Even Soma admitted the miracle grudgingly; for he had so far bolstered up his disloyalty by thoughts of a fair fight. He had not, after all, gone to Delhi direct, but had cut across country to his own village near Hansi, and had waited there, hoping to hear of a regular outbreak of hostilities before definitely choosing his side; and he was still waiting when, after a fortnight, his greatest chum in the regiment had turned up from Meerut.
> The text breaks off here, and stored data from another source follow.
(* Let $K\ge1$ be an integer and $m>0$. For $x>0$ define $$g_{\mathbf 0}(x)=\int_{\{(t_1,\dots,t_K)\in[0,\infty)^K:\ \prod_{k=1}^K(1+t_k)\le x\}}\prod_{k=1}^K t_k^{m-1}\,dt_1\cdots dt_K .$$ Then $\mathcal R\mapsto g_{\mathbf 0}(2^{\mathcal R})$ is a monotonically increasing function of $\mathcal R>0$, it is convex in $\mathcal R$ whenever $m\ge1$, and consequently $C(\mathcal R)=\big(g_{\mathbf 0}(2^{\mathcal R})\big)^{-1/(mK)}$ is a monotonically decreasing function of $\mathcal R>0$. *)

From HB Require Import structures.
From mathcomp Require Import all_boot all_order all_algebra.
From mathcomp Require Import all_classical all_reals all_analysis.
Set Implicit Arguments. Unset Strict Implicit. Unset Printing Implicit Defensive.
Import Order.TTheory GRing.Theory Num.Theory.
Local Open Scope classical_set_scope.
Local Open Scope ring_scope.

Fixpoint iter_int (R : realType) (n : nat) (F : seq R -> \bar R) : \bar R :=
  match n with
  | 0 => F [::]
  | n'.+1 => (\int[@lebesgue_measure R]_(t in `[0%R, +oo[)
               iter_int n' (fun s => F (t :: s)))%E
  end.

Definition g0_integrand (R : realType) (m x : R) (s : seq R) : \bar R :=
  if (\prod_(t <- s) (1 + t) <= x) then (\prod_(t <- s) (t `^ (m - 1)))%:E
  else 0%E.

Definition g0 (R : realType) (K : nat) (m x : R) : \bar R :=
  iter_int K (g0_integrand m x).

Definition Cfun (R : realType) (K : nat) (m r : R) : R :=
  (fine (g0 K m (2 `^ r))) `^ (- (1 / (m * K%:R))).

From HB Require Import structures.
From mathcomp Require Import all_boot all_order all_algebra.
From mathcomp Require Import all_classical all_reals all_analysis.
From mathcomp Require Import measurable_realfun lra.
Import Order.TTheory GRing.Theory Num.Theory numFieldNormedType.Exports.
Local Open Scope classical_set_scope.
Local Open Scope ring_scope.
Lemma critical_chain_of_runs (R : seq ('I_n * 'I_n)) : 0 < size R -> uniq R ->
    (forall ab, ab \in R -> critical_run P e M i ab.1 ab.2) ->
  exists j g phi, critical_chain (size R) j g phi.
Proof.
case: R => // d R0 _; set R := d :: R0 => uniqR runs.
pose S := sort [rel x y : 'I_n * 'I_n | x.1 <= y.1] R.
have permS : perm_eq S R by rewrite perm_sort.
have sizeS : size S = size R by rewrite size_sort.
have inS s : s < size R -> nth d S s \in R by rewrite -(perm_mem permS) -sizeS; apply: mem_nth.
pose critical_in_run s (p : 'I_n * ('I_k * 'I_l -> 'I_m * 'I_n)) := s < size R ->
  (nth d S s).1 <= p.1 <= (nth d S s).2 /\ critical_embedding P M e i p.1 p.2.
have [p pP] : exists p, forall s, critical_in_run s (p s).
  apply: functional_choice => s; rewrite /critical_in_run.
  case: (ltnP s (size R)) => sR; last by exists (d.1, fun _ => (i, d.1)).
  have [_ [j [jS /critical_entryP[phi cphi]]]] := runs _ (inS s sR).
  by exists (j, phi).
pose one_between_runs s (g : 'I_n) := s.+1 < size R ->
  (nth d S s).2 < g < (nth d S s.+1).1 /\ M i g.
have [g gP] : exists g, forall s, one_between_runs s (g s).
  apply: functional_choice => s; rewrite /one_between_runs.
  case: (ltnP s.+1 (size R)) => sR; last by exists d.1.
  have [||||g' gS Mg] := sorted_hzero_runs_gap (M := M) (i := i) (S := S) d (s := s).
  - by apply: sort_sorted => x y; apply: leq_total.
  - by rewrite (perm_uniq permS).
  - by move=> ab; rewrite (perm_mem permS) => /runs[].
  - by rewrite sizeS.
  - by exists g'.
exists (fun s => (p s).1), g, (fun s => (p s).2); split=> [s sR | s sR].
  by have [_] := pP s sR.
have [/andP[_ js] _] := pP s (ltnW sR); have [/andP[js' _] _] := pP s.+1 sR.
have [/andP[gs gs'] Mg] := gP s sR.
by split=> //; [apply: leq_ltn_trans gs | apply: leq_trans js'].
Qed.

End ChainOfRuns.

(** * Splicing critical embeddings *)

Definition stair (d b : nat) : nat := b * d.+1 + 1.

Lemma stairS d b : stair d b.+1 = stair d b + d.+1.
Proof. by rewrite /stair mulSn; lia. Qed.

Lemma stair_lt d b b' : b < b' -> stair d b + d < stair d b'.
Proof. by move=> bb'; have := leq_mul2r d.+1 b.+1 b'; rewrite bb' orbT mulSn /stair; lia. Qed.

Lemma stair_gt0 d b : 0 < stair d b.
Proof. by rewrite /stair addn1. Qed.

Section CriticalChain.
Variables (k l m n : nat) (P : 'M[bool]_(k, l)) (M : 'M[bool]_(m, n)).
Variables (e : 'I_k * 'I_l) (i : 'I_m).
Hypotheses (Pe : P e.1 e.2) (avoid : avoids P M).
Variables (T : nat) (j g : nat -> 'I_n) (phi : nat -> 'I_k * 'I_l -> 'I_m * 'I_n).
Hypothesis chain : critical_chain P M e i T j g phi.

Local Notation R s := (row_hull (phi s)).
Local Notation C s := (col_hull (phi s)).

Lemma chain_critical s : s < T -> critical_embedding P M e i (j s) (phi s).
Proof. by case: chain => crit _; apply: crit. Qed.

Lemma chain_gap s : s.+1 < T -> [/\ j s < g s, g s < j s.+1 & M i (g s)].
Proof. by case: chain => _ gap; apply: gap. Qed.

Lemma chain_image_e s : s < T -> phi s e = (i, j s).
Proof. by move=> sT; apply: critical_image_e (chain_critical sT). Qed.

Lemma chain_image_one s (x : 'I_k * 'I_l) :
  s < T -> P x.1 x.2 -> x != e -> M (phi s x).1 (phi s x).2.
Proof. by move=> sT Px; apply: (critical_image_one (chain_critical sT) Px). Qed.

Lemma chain_row_window s (x : 'I_k * 'I_l) : s < T -> window (R s) x.1 (phi s x).1.
Proof. by move=> sT; apply: row_hull_window e (critical_row_mono (chain_critical sT)) x. Qed.

Lemma chain_col_window s (x : 'I_k * 'I_l) : s < T -> window (C s) x.2 (phi s x).2.
Proof. by move=> sT; apply: col_hull_window e (critical_col_mono (chain_critical sT)) x. Qed.

Lemma chain_row_lt s a (x : 'I_k * 'I_l) : s < T -> a < x.1 -> R s a < (phi s x).1.
Proof. by move=> sT ax; apply: (row_hull_lt e (critical_row_mono (chain_critical sT)) ax). Qed.

Lemma chain_col_lt s b (x : 'I_k * 'I_l) : s < T -> b < x.2 -> C s b < (phi s x).2.
Proof. by move=> sT bx; apply: (col_hull_lt e (critical_col_mono (chain_critical sT)) bx). Qed.

Lemma chain_row_thresholds s : s < T -> thresholds k m (R s).
Proof. by move=> sT; apply: row_hull_thresholds e (critical_row_mono (chain_critical sT)). Qed.

Lemma chain_col_thresholds s : s < T -> thresholds l n (C s).
Proof. by move=> sT; apply: col_hull_thresholds e (critical_col_mono (chain_critical sT)). Qed.

Lemma chain_row_room s a : s < T -> a < k -> R s a + k <= a + m.
Proof. by move=> sT ak; apply: (row_hull_room e (critical_row_mono (chain_critical sT)) ak). Qed.

Lemma chain_col_hull_lt_j s : s < T -> 0 < e.2 -> C s e.2.-1 < j s.
Proof.
move=> sT c1_gt0; have := chain_col_lt (x := e) (b := e.2.-1) sT ltac:(lia).
by rewrite chain_image_e.
Qed.

Lemma chain_j_le_col_hull s : s < T -> j s <= C s e.2.
Proof. by move=> sT; have /andP[_] := chain_col_window e sT; rewrite chain_image_e. Qed.
Lemma postings_size_gaps (A : {set T}) (id : T -> nat) :
  {in A &, injective id} ->
  postings_size (sort leq [seq id x | x in A]) = \sum_(x in A) delta (gap A id x).
Proof.
move=> id_inj; set s := [seq id x | x in A].
have s_uniq : uniq s.
  by rewrite map_inj_in_uniq ?enum_uniq // => x y; rewrite !mem_enum; apply: id_inj.
rewrite /postings_size gaps_sizeE; last 2 first.
- by rewrite ltn_sorted_uniq_leq sort_uniq s_uniq sort_sorted //; exact: leq_total.
- exact/allP.
rewrite (perm_big _ (permEl (perm_sort leq s))) big_map big_enum /=.
apply: eq_bigr => x _; rewrite max0n (perm_big _ (permEl (perm_sort leq _))).
by rewrite big_map big_enum_cond.
Qed.

Lemma gap_shift (A A' : {set T}) (id id' : T -> nat) (c : nat) (x : T) :
  A' \subset A -> x \in A' ->
  {in A', forall y, id y = c + id' y} ->
  {in A :\: A', forall y, id y < id x -> id y <= c} ->
  gap A' id' x <= gap A id x.
Proof.
move=> sA'A xA' id_shift id_below; rewrite /gap.
suff max_le : \max_(y in A | id y < id x) id y <= c + \max_(y in A' | id' y < id' x) id' y.
  by apply: leq_trans (leq_sub2l _ max_le); rewrite id_shift // subnDl.
apply/bigmax_leqP => y /andP[yA lt_yx].
have [yA' | yA'] := boolP (y \in A'); last first.
  by rewrite (leq_trans (id_below y _ lt_yx)) ?leq_addr // inE yA' yA.
rewrite id_shift // leq_add2l; apply: leq_bigmax_cond; rewrite yA' /=.
by rewrite -(ltn_add2l c) -!id_shift.
Qed.

End Gaps.

Section IndexGaps.
Variables (Doc Term : finType) (terms : Doc -> {set Term}).

Definition docs_with (S : {set Doc}) (t : Term) : {set Doc} :=
  [set d in S | t \in terms d].

Lemma index_size_gaps (S : {set Doc}) (id : Doc -> nat) : {in S &, injective id} ->
  Defs.index_size terms S id =
  \sum_(t : Term) \sum_(d in docs_with S t) delta (gap (docs_with S t) id d).
Proof.
move=> id_inj; rewrite /index_size [RHS](bigID [in \bigcup_(d in S) terms d]) /=.
rewrite [X in _ + X]big1 ?addn0 => [|t tNS]; last first.
  rewrite big_pred0 // => d; rewrite inE; apply/andP=> -[dS td].
  by case/negP: tNS; apply/bigcupP; exists d.
apply: eq_bigr => t _; rewrite postings_size_gaps // => x y.
by rewrite !inE => /andP[xS _] /andP[yS _]; apply: id_inj.
Qed.

End IndexGaps.

Section Concatenation.
Variables (Doc Term : finType) (terms : Doc -> {set Term}).
Local Notation N := #|Doc|.
Variables (pi : {ffun Doc -> 'I_N}) (g : {set {set Doc}}).

Definition node_top (d : Doc) : nat := \max_(d' in pblock g d) pi d'.

Definition earlier_docs (d : Doc) : {set Doc} := [set d' | node_top d' < node_top d].

Definition concat_id (d : Doc) : nat :=
  #|earlier_docs d| + local_id pi (pblock g d) d.

Definition concat_ids : {ffun Doc -> 'I_N} :=
  [ffun d => insubd (pi d) (concat_id d).-1].

Hypotheses (pi_inj : injective pi) (g_part : partition g [set: Doc]).

Let g_triv : trivIset g. Proof. by case/and3P: g_part. Qed.

Lemma mem_pblockT d : d \in pblock g d.
Proof. by case/and3P: g_part => /eqP cov _ _; rewrite mem_pblock cov inE. Qed.

Lemma local_id_gt0 (B : {set Doc}) d : d \in B -> 0 < local_id pi B d.
Proof. by move=> dB; apply/card_gt0P; exists d; rewrite inE dB /=. Qed.

Lemma local_id_lt (B : {set Doc}) x y : y \in B -> pi x < pi y ->
  local_id pi B x < local_id pi B y.
Proof.
move=> yB lt_xy; apply/proper_card/properP; split.
  by apply/subsetP=> z; rewrite !inE => /andP[-> /leq_trans]; apply; apply: ltnW.
by exists y; rewrite !inE yB //= -ltnNge.
Qed.

Lemma local_id_inj (B : {set Doc}) : {in B &, injective (local_id pi B)}.
Proof.
move=> x y xB yB e; apply/pi_inj/val_inj/eqP.
by case: ltngtP => // /local_id_lt; [move/(_ _ yB) | move/(_ _ xB)]; rewrite e ltnn.
Qed.

Lemma node_top_pblock x d : x \in pblock g d -> node_top x = node_top d.
Proof. by move=> xd; rewrite /node_top (same_pblock g_triv xd). Qed.

Lemma node_top_inj x y : node_top x = node_top y -> pblock g x = pblock g y.
Proof.
have top_at z : exists2 z', z' \in pblock g z & node_top z = pi z'.
  have nonempty : 0 < #|pblock g z| by apply/card_gt0P; exists z; apply: mem_pblockT.
  by have [z' ? ?] := eq_bigmax_cond (fun d => pi d : nat) nonempty; exists z'.
have [x' x'x ->] := top_at x; have [y' y'y ->] := top_at y.
move=> /val_inj /pi_inj eq_x'y'.
by rewrite -(same_pblock g_triv x'x) -(same_pblock g_triv y'y) eq_x'y'.
Qed.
For Davee Singh had been one of the many sepoys of the 11th who had gone back to the colors after that one brief night of temptation was over. Soma had known this, and more than once as he waited, the knowledge had been as a magnet drawing him back to the old pole of thought; for that his chum should be led to victory and he be among the defeated was probable enough to make Soma hate himself in anticipation.

But here was Davee Singh, a deserter like he was, sulkily uncommunicative to the village gossips, but to his fellow admitting fiercely that the latter had been right. The Huzoors had forgotten how to fight. Meerut was quiet as the grave; but there was no word of Delhi, and folk said--what did they not say?

So these two, with a strange mixture of regret and relief in their hearts, set out for Delhi to see what was happening there; not knowing that many of their fellows were drifting from it, weary like themselves of inaction.

They had arrived there, two swaggering Rajpoots, in the midst of the thanksgivings and jollity of the Mohammedan Easter which followed on the last Friday of Fast; and they had fallen foul of it frankly. As frankly as the Mohammedans would have fallen foul of a Hindoo Saturnalia, or both Mohammedans and Hindoos would have fallen foul of the festivities in honor of the Queen's Birthday which, on this 25th of May, 1857, were going on in every cantonment in India as if there was no such thing as mutiny in the world. So, annoyed with what they saw and heard, they joined themselves to other Rajpoot malcontents promptly. They sneered at the old pantaloon's procession, which was in truth a poor one, though half the tailors in Delhi had been impressed to hurry up trappings and robes. Perhaps if Abool-Bukr had still been in charge of squibs and such like, it would have been better; but he was not. The order he had given to let the Princess Farkhoonda's dhoolie pass out, before the gates were closed on that day of the death-pledge, had been his last exercise of authority; for the next Court Journal contained the announcement that he was dismissed from his appointment. So he, hovering between the Thunbi Bazaar and the Mufti's quarter, had nothing to do with the procession at which the Rajpoots sneered, criticising Mirza Moghul, the Commander-in-Chief's seat on a horse, and talking boastfully of Vicra-maditya and Pertap as warlike Hindoos will. Until, about dusk, words came to blows amid a tinkling of anklets and a terrible smell of musk; for valor drifted as a matter of course to the wooden balconies of the Thunbi Bazaar during the month of miracle. So that the inmates, coining money, called down blessings on the new régime.

Soma, however, with a cut over one eye sorely in need of a stitch, swore loudly when he could find none to patch him up save a doddering old Hakeem, who proposed dosing him with paper pills inscribed with the name of Providence; an incredible remedy to one accustomed to all the appliances of hospitals and skilled surgery.

"Yea! no doubt he is a fool," assented the other sepoys in frank commiseration, "yet he is the best you will get. For see you, brother, the doctors belong to the Huzoors; so many a brave man must expect to die needlessly, since those cursed dressers are not safe. There was one took the bottles and things and swore he could use them as well as any. And luck went with him until he gave five heroes who had been drunk the night before somewhat to clear their heads. By all the gods in Indra's heaven they were clear even of life in half an hour. So we fell on the dresser and cleared him too. Yea! fool or no fool, paper pills are safer!"